When that lake froze over on several occasions rocks have been seen to move sheet ice forms around the rocks. 

The ice thaws and it breaks up. Some of the cleans form a kind of floating lifesaver on the slippery mud of the lake bed. 

A gentle push from the wind is enough to slide the rocks along the valley floor. If the ice is somehow floating on the rocks, then you hardly need any wind at all.

Experiment one

In 1976, Bob Sharp and Dwight Carey tested the idea that large ice sheets might move stones. The experiment was done to create a corral about 15 feet in diameter in which two rocks were placed to see if ice had something to do with this movement.

What happened during that time period is one of the rocks moved out, and the other one stayed, so at least at that time scientists were convinced that ice probably didn’t play a role in the movement of every stone.

Experiment two

Scientists then installed a weather station, they also embedded GPS units on rocks, and waited for two years. Jim Norris explains- my business partner and I designed a custom GPS recorder, a little module about three inches in diameter, that we can put into stones. And we built fifteen of those. Those stones are deployed out on the Playa as we speak.

Want to know about types of rocks

Final rock movement

In late November 2013, rain and snow created a shallow pond on the southern third of the playa. They observed rocks in motion on December 4th, 20th, 21st, and January 9. The days dawn clear and cold with a light breeze.

In the morning the pond was covered with floating ice, sunlight formed melt pools between large areas of the still-frozen pond. Ice in the center of the playa melted first. Water was blown onto the shore causing the remaining floating ice to move.

Abruptly, just before noon, the ice broke up into large moving sheets, popping and crackling all over the pond surface. In the deeper part of the pond, moving ice began to splinter and break up leaving wakes of open water and ice chips downstream of each rock.

Large ice panels, hundreds of feet across, battered some rocks into motion. By good luck and with a long camera lens scientists caught some rocks moving on January 9th.

There are a series of stationary rocks not engaged by ice and there is a moving stone. And it’s off.

Also, read about a similar topic Death Valley rock movement

Their scientists saw a time-lapse set of images at about the natural speed of the rock. It moves in fits and starts pushed by the ice panel and finally and briefly gets going. Movement is so slow that it is easy to miss particularly if there are no stationary rocks nearby to act as reference points.

Months later when the pond was gone because it moved several more times. In a sped-up version, the rock quickly stops moving as it disengages from the ice, and the ice panel drifts out of view.

rock movement

In December and January, ice pushed up and over rocks but the trails were initially invisible beneath the muddy water. By early afternoon, the shallow pond had been blown away revealing more than 60 rock trails all remarkably similar.

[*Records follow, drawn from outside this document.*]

Lemma cyc_rank_ordS (j i : 'I_n) :
  i != j -> cyc_rank j (ordS i) = (cyc_rank j i).+1.
Proof.
move=> /eqP ij; have {}ij : (i : nat) <> j by move=> /val_inj.
rewrite /cyc_rank /=; have := ltn_ord i; have := ltn_ord j.
case: (ltngtP i.+1 n) => h.
- by rewrite modn_small //; do ?[case: ifP => ?]; lia.
- by lia.
- by rewrite h modnn ltn0; do ?[case: ifP => ?]; lia.
Qed.

Hypothesis n_gt0 : 0 < n.

Lemma permutations_not_adjacent_cycle l :
  l \in permutations (enum 'I_n) -> ~~ [forall i, adjacent i (ordS i) l].
Proof.
rewrite mem_permutations => lI.
have ul : uniq l by rewrite (perm_uniq lI) enum_uniq.
case: l lI ul => [|c l] lI ul.
  by move/perm_size: lI; rewrite size_enum_ord => n0; move: n_gt0; rewrite -n0.
apply/forallPn; exists (last c l).
by apply: contraL (adjacent_neq_last ul) _; rewrite eqxx.
Qed.

Lemma count_permutations_cyclic_adjacent (S : {set 'I_n}) :
  count (fun l => [forall i in S, adjacent i (ordS i) l])
        (permutations (enum 'I_n)) =
  (S != setT) * (n - #|S|)`!.
Proof.
have [->|ST] /= := eqVneq S setT.
  apply/eqP; rewrite -leqn0 leqNgt -has_count; apply/hasPn => l /=.
  move/permutations_not_adjacent_cycle; apply: contra => /forall_inP adjT.
  by apply/forallP => i; apply: adjT; rewrite in_setT.
have /set0Pn [j] : ~: S != set0 by rewrite -setCT (inj_eq (can_inj setCK)).
rewrite inE => jS.
pose rank := cyc_rank j.
pose P := sort (fun p q => rank q.1 <= rank p.1) [seq (i, ordS i) | i <- enum S].
have PS : perm_eq P [seq (i, ordS i) | i <- enum S] by rewrite perm_sort.
rewrite mul1n (eq_count (a2 := adjacent_all P)); last first.
  move=> l; rewrite /adjacent_all (perm_all _ PS) all_map.
  by apply/forall_inP/allP => adjS i; have := adjS i; rewrite mem_enum.
rewrite (count_adjacent_all_permutations (rank := rank)) ?enum_uniq //.
- by rewrite size_enum_ord (perm_size PS) size_map cardE.
- by rewrite (perm_uniq (perm_map _ PS)) -map_comp map_id_in ?enum_uniq.
- rewrite (perm_uniq (perm_map _ PS)) -map_comp.
  by rewrite (map_inj_uniq (@ordS_inj n)) enum_uniq.
- by apply: sort_sorted => p q; apply: leq_total.
move=> p; rewrite (perm_mem PS) => /mapP [i iS ->] /=.
have ij : i != j by apply: contraNneq jS => <-; rewrite -mem_enum.
by rewrite /rank cyc_rank_ordS // !mem_enum.
Qed.

Local Open Scope ring_scope.

Lemma D_inclusion_exclusion :
  (D n)%:R =
  \sum_(S : {set 'I_n}) (-1) ^+ #|S| * ((S != setT) * (n - #|S|)`!)%:R :> int.
Proof.
rewrite /D /linear_arrangement /avoids_cyclic.
rewrite (inclusion_exclusion (fun s : n.-tuple 'I_n => uniq s)).
apply: eq_bigr => S _; rewrite -count_permutations_cyclic_adjacent.
rewrite -(card_uniq_tuples _ (card_ord n)); congr (_ * _%:R); apply: eq_card => s.
by rewrite !inE; under eq_forallb => i do rewrite contains_pattern_adjacent.
Qed.

End CyclicArrangements.

Theorem proposition6p1 (n : nat) (hn : 1 <= n) :
  #|[set p : {perm 'I_n} | nfix p == 1]| = D n.
Proof.
apply/eqP; rewrite -(eqr_nat int) D_inclusion_exclusion //.
by have := card_perm_one_fixpoint 'I_n; rewrite card_ord => <-.
Qed.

GPS rocks also moved and some scribed trails were over 700 feet long. Rocks moved only 2 to 25 meters a minute. As evening came on, the wind slackened and the water flowed back to the south refilling the pond around the rocks.

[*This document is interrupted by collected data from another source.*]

(* Let $k,m$ be positive integers, let $N(\mu_1,I+\Sigma_1),\dots,N(\mu_k,I+\Sigma_k)$ be Gaussians on $\mathbb{R}^d$, and let $P_1,\dots,P_k$ be real polynomials in $X=(X_1,\dots,X_d)$ of degree at most $m$. Let \[f(X,y)=\sum_{j=1}^kP_j(Xy)e^{\mu_j(X)y+\frac12\Sigma_j(X)y^2}=\sum_{r\ge0}\frac{f_r(X)}{r!}y^r.\] Let $\kappa=(m+1)(2^k-1)$. Then there are polynomials $R_{j,l}(X)$ in $d$ variables, for $0\le j\le\kappa$ and $0\le l\le\kappa-j$, such that: (1) $R_{j,l}$ is homogeneous of degree $\kappa-j+l$, and $R_{\kappa,0}=1$; (2) each $R_{j,l}$ is $(A,B)$-simple with respect to $\{\mu_1(X),\Sigma_1(X),\dots,\mu_k(X),\Sigma_k(X)\}$ for some $A,B$ depending only on $k,m$; (3) for all integers $a\ge\kappa$, \[\sum_{j=0}^{\kappa}\sum_{l=0}^{\kappa-j}\frac{f_{a-\kappa+j-l}(X)\,R_{j,l}(X)}{(a-\kappa-l)!}=0,\] where terms with a negative factorial in the denominator are treated as $0$.
   Context: $\mu(X)=\mu^TX$, $\Sigma(X)=X^T\Sigma X$, and $Xy=(X_1y,\dots,X_dy)$. $f(X,y)$ is regarded as a formal power series in $y$ whose coefficients are polynomials in $X$; the $f_r$ are its primary terms. Given a family $\mathcal{S}$ of polynomials in $X$, a polynomial $Q(X)$ is $(A,B)$-simple with respect to $\mathcal{S}$ if it is a linear combination of at most $A$ terms, all coefficients of magnitude at most $A$, each term a product of at most $B$ polynomials from $\mathcal{S}$. *)

From HB Require Import structures.
From mathcomp Require Import all_boot all_order all_algebra.
From mathcomp Require Import mpoly.
From mathcomp Require Import reals.

Set Implicit Arguments.
Unset Strict Implicit.
Unset Printing Implicit Defensive.

Import Order.TTheory GRing.Theory Num.Theory.
Local Open Scope ring_scope.

Section Defs.
Variables (R : realType) (d : nat).

Definition muX (mu : 'cV[R]_d) : {mpoly R[d]} :=
  \sum_(i < d) mu i ord0 *: 'X_i.

Definition SigmaX (S : 'M[R]_d) : {mpoly R[d]} :=
  \sum_(i < d) \sum_(j < d) S i j *: ('X_i * 'X_j).

(* Formal power series in y with coefficients in R[X_1..X_d]:
   s r = coefficient of y^r. *)
Definition fps := nat -> {mpoly R[d]}.

Definition fps_mul (s t : fps) : fps :=
  fun r => \sum_(i < r.+1) s i * t (r - i)%N.

Definition fps_one : fps := fun r => if r == 0%N then 1 else 0.

Fixpoint fps_pow (s : fps) (n : nat) : fps :=
  match n with 0%N => fps_one | n'.+1 => fps_mul s (fps_pow s n') end.

(* exp(s) = sum_n s^n / n!, for s with zero constant term (then s^n has
   y-valuation >= n, so only n <= r contributes to the coefficient of y^r). *)
Definition fps_exp (s : fps) : fps :=
  fun r => \sum_(n < r.+1) (n`!%:R)^-1 *: fps_pow s n r.

(* The polynomial P(Xy) = P(X_1 y,...,X_d y), as a polynomial in y with
   coefficients in R[X], obtained by substituting X_i := X_i * y. *)
Definition subst_Xy (P : {mpoly R[d]}) : {poly {mpoly R[d]}} :=
  mmap (fun c : R => (c%:MP)%:P) (fun i : 'I_d => 'X_i *: 'X) P.

Definition fps_of_poly (p : {poly {mpoly R[d]}}) : fps := fun r => p`_r.

Definition fseries (k : nat) (mu : 'I_k -> 'cV[R]_d) (Sig : 'I_k -> 'M[R]_d)
  (P : 'I_k -> {mpoly R[d]}) : fps :=
  fun r => \sum_(j < k)
    fps_mul (fps_of_poly (subst_Xy (P j)))
      (fps_exp (fun t => if t == 1%N then muX (mu j)
                         else if t == 2%N then 2^-1 *: SigmaX (Sig j)
                         else 0)) r.

(* f(X,y) = sum_r f_r(X)/r! y^r, so f_r = r! * [y^r] f *)
Definition fcoef k mu Sig P (r : nat) : {mpoly R[d]} :=
  r`!%:R *: @fseries k mu Sig P r.

(* (A,B)-simple w.r.t. the family S: a linear combination of at most A terms,
   all coefficients of magnitude at most A, each term a product of at most B
   polynomials from S (a term is given by a list of indices into S). *)
Definition simple (A B : nat) (S : seq {mpoly R[d]}) (Q : {mpoly R[d]}) :=
  exists terms : seq (R * seq 'I_(size S)),
    [/\ (size terms <= A)%N,
        all (fun t => `|t.1| <= A%:R) terms,
        all (fun t => size t.2 <= B)%N terms &
        Q = \sum_(t <- terms) t.1 *: \prod_(i <- t.2) S`_i].

Definition gauss_family k (mu : 'I_k -> 'cV[R]_d) (Sig : 'I_k -> 'M[R]_d)
  : seq {mpoly R[d]} :=
  flatten [seq [:: muX (mu j); SigmaX (Sig j)] | j <- enum 'I_k].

By February, the pond had dried out revealing the inscribed surface of the racetrack. In the two and a half months there was a movement of rocks.

Dick Norris says, To me, the most remarkable things about this are that rocks move first of all very slowly, only at a very slow pace like that. And that this happens in the middle of the day when the sun is shining and it’s just simply beautiful out here.

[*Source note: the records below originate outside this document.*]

Lemma msub_eatP L :
  msub L G <-> exists2 s : seq 'I_(size G), uniq s & [seq eat i | i <- s] = L.
Proof.
have GE : [seq eat i | i <- enum 'I_(size G)] = G := map_tnth_enum (in_tuple G).
split=> [/count_maskP[m _] | [s s_uniq <-] e].
  rewrite -[X in mask _ X]GE -map_mask => /perm_map_preim[s sm ->].
  by exists s; rewrite // (perm_uniq sm) mask_uniq ?enum_uniq.
rewrite -[in X in _ <= X]GE !count_map -!size_filter.
apply: uniq_leq_size => [|i]; first exact: filter_uniq.
by rewrite !mem_filter -enumT mem_enum andbT => /andP[-> _].
Qed.

Lemma connects_spanning_tree S :
  connects S -> exists2 S' : {set 'I_(size G)}, S' \subset S & spanning_tree S'.
Proof.
pose P S := [forall x, forall y, connect (adj S) x y].
have connectsP S' : reflect (connects S') (P S').
  by apply: (iffP forallP) => h x; [move=> y; apply/(forallP (h x)) | apply/forallP].
move/connectsP/minset_exists=> [S' /minsetP[/connectsP cS' minS'] sS'S].
exists S' => //; split=> // i iS' /connectsP/minS'/(_ (subD1set S' i))/setP/(_ i).
by rewrite !inE eqxx iS'.
Qed.

Lemma doubly_connectedP : doubly_connected G <-> dconn G.
Proof.
have eE S : S =i enum S by move=> i; rewrite mem_enum.
split=> [[Bk [Bu [dis [diffk [[T1 [sT1 [cT1 _]]] [T2 [sT2 [cT2 _]]]]]]]] | ].
  exists [seq eat i | i <- enum T1], [seq eat i | i <- enum T2]; split.
  - rewrite -map_cat; apply/msub_eatP; exists (enum T1 ++ enum T2) => //.
    rewrite cat_uniq !enum_uniq andbT /=; apply/hasPn => i; rewrite !mem_enum => iT2.
    by apply: contraFN (disjointFl dis (subsetP sT2 i iT2)); apply: (subsetP sT1).
  - apply/allP => _ /mapP[i iT1 ->]; apply/eqP/diffk/(subsetP sT1).
    by rewrite -mem_enum.
  - exact/(connects_spans (eE T1)).
  - exact/(connects_spans (eE T2)).
case=> L1 [L2 [/msub_eatP[s s_uniq sE] dL1 sL1 sL2]]; pose k := size L1.
have sE1 : [seq eat i | i <- take k s] = L1 by rewrite map_take sE take_size_cat.
have sE2 : [seq eat i | i <- drop k s] = L2 by rewrite map_drop sE drop_size_cat.
have tree s' : spans [seq eat i | i <- s'] ->
    exists T0 : {set 'I_(size G)}, T0 \subset [set i in s'] /\ spanning_tree T0.
  have eS : [set i in s'] =i s' by move=> i; rewrite inE.
  by move/(connects_spans eS)/connects_spanning_tree=> [T0]; exists T0.
exists [set i in take k s], [set i in drop k s]; split; last split; last split.
- rewrite disjoint_subset; apply/subsetP => i; rewrite !inE => i1.
  move: s_uniq; rewrite -{1}(cat_take_drop k s) cat_uniq => /and3P[_ /hasPn i12 _].
  by apply: contraL i1; apply: i12.
- move=> i; rewrite inE => ik; apply/eqP/(allP dL1).
  by rewrite -sE1 map_f.
- by apply: tree; rewrite sE1.
- by apply: tree; rewrite sE2.
Qed.

End IndexedEdges.

Section NewMolecule.
Variable V : finType.
Implicit Types (K R : seq (edge V)) (L G : seq (edge (option V))).
Local Notation lift := (@lift_edge V).

Lemma connect_lift K x y :
  connect (adj_of K) x y -> connect (adj_of (map lift K)) (Some x) (Some y).
Proof.
move/connectP=> [p xp ->]; elim: p x xp => [|z p IHp] x /=; first by rewrite connect0.
case/andP=> xz /IHp; apply/connect_trans/connect1.
by rewrite /adj_of has_map; apply: sub_has xz => e.
Qed.

Lemma adj_of_spoke L k w : spoke k w \in L -> adj_of L (Some w) None.
Proof. by move/joins_adj_of; apply; apply: joins_edge. Qed.

Lemma spans_lift K L w1 w2 : {subset map lift K <= L} ->
    adj_of L (Some w1) None -> adj_of L (Some w2) None ->
    (forall x, connect (adj_of K) x w1 || connect (adj_of K) x w2) ->
  spans L.
Proof.
move=> sub w1N w2N reach; apply: (spans_hub (h := None)) => -[x|]; last exact: connect0.
by case/orP: (reach x) => /connect_lift/(sub_connect_adj_of sub)/connect_trans->;
  rewrite ?connect1.
Qed.

(* The blue part only spans the old molecules: the new molecule [None] remains to be
   attached to it. *)
Definition almost_dconn G : Prop :=
  exists L K, [/\ msub (L ++ map lift K) G, all diffusive L, spans L & spans K].

Lemma almost_dconn_msub G G' : msub G G' -> almost_dconn G -> almost_dconn G'.
Proof.
by move=> GG' [L [K [sub dL sL sK]]]; exists L, K; split=> //; apply: msub_trans GG'.
Qed.

Lemma almost_dconn_spokes b0 R (L K : seq (edge V)) :
    msub (L ++ K) R -> all diffusive L ->
    (forall x, connect (adj_of L) x (e1 b0) || connect (adj_of L) x (e2 b0)) -> spans K ->
  almost_dconn [:: spoke Diffusive (e1 b0), spoke Diffusive (e2 b0) & map lift R].
Proof.
move=> sub dL reach sK.
exists [:: spoke Diffusive (e1 b0), spoke Diffusive (e2 b0) & map lift L], K; split=> //.
- by rewrite /= -map_cat; do 2 apply: msub_cons2; apply: msub_map.
- by rewrite /= all_map.
apply: spans_lift reach => [e eL | |]; first by rewrite !in_cons eL !orbT.
  exact/(adj_of_spoke (k := Diffusive))/mem_head.
by apply: (adj_of_spoke (k := Diffusive)); rewrite !in_cons eqxx orbT.
Qed.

We had thought before we began the study of the racetrack phenomenon that this must happen during howling winds. times of really miserable weather conditions.

When you really wouldn’t want to be out here and that was why the phenomenon had never been observed before because the conditions were simply too nasty for anyone to be willingly out here. Rocks are driven by surprisingly thin ice. Indeed most of the ice is no thicker than a windowpane and clear as glass.

Rocks move through a combination of a shallow pond, ice, light breezes, and sun to set them in motion. Ponds, in particular, are rare in Death Valley. For now, the sliding rocks continue to fascinate and we finally know what to look for to see the movie.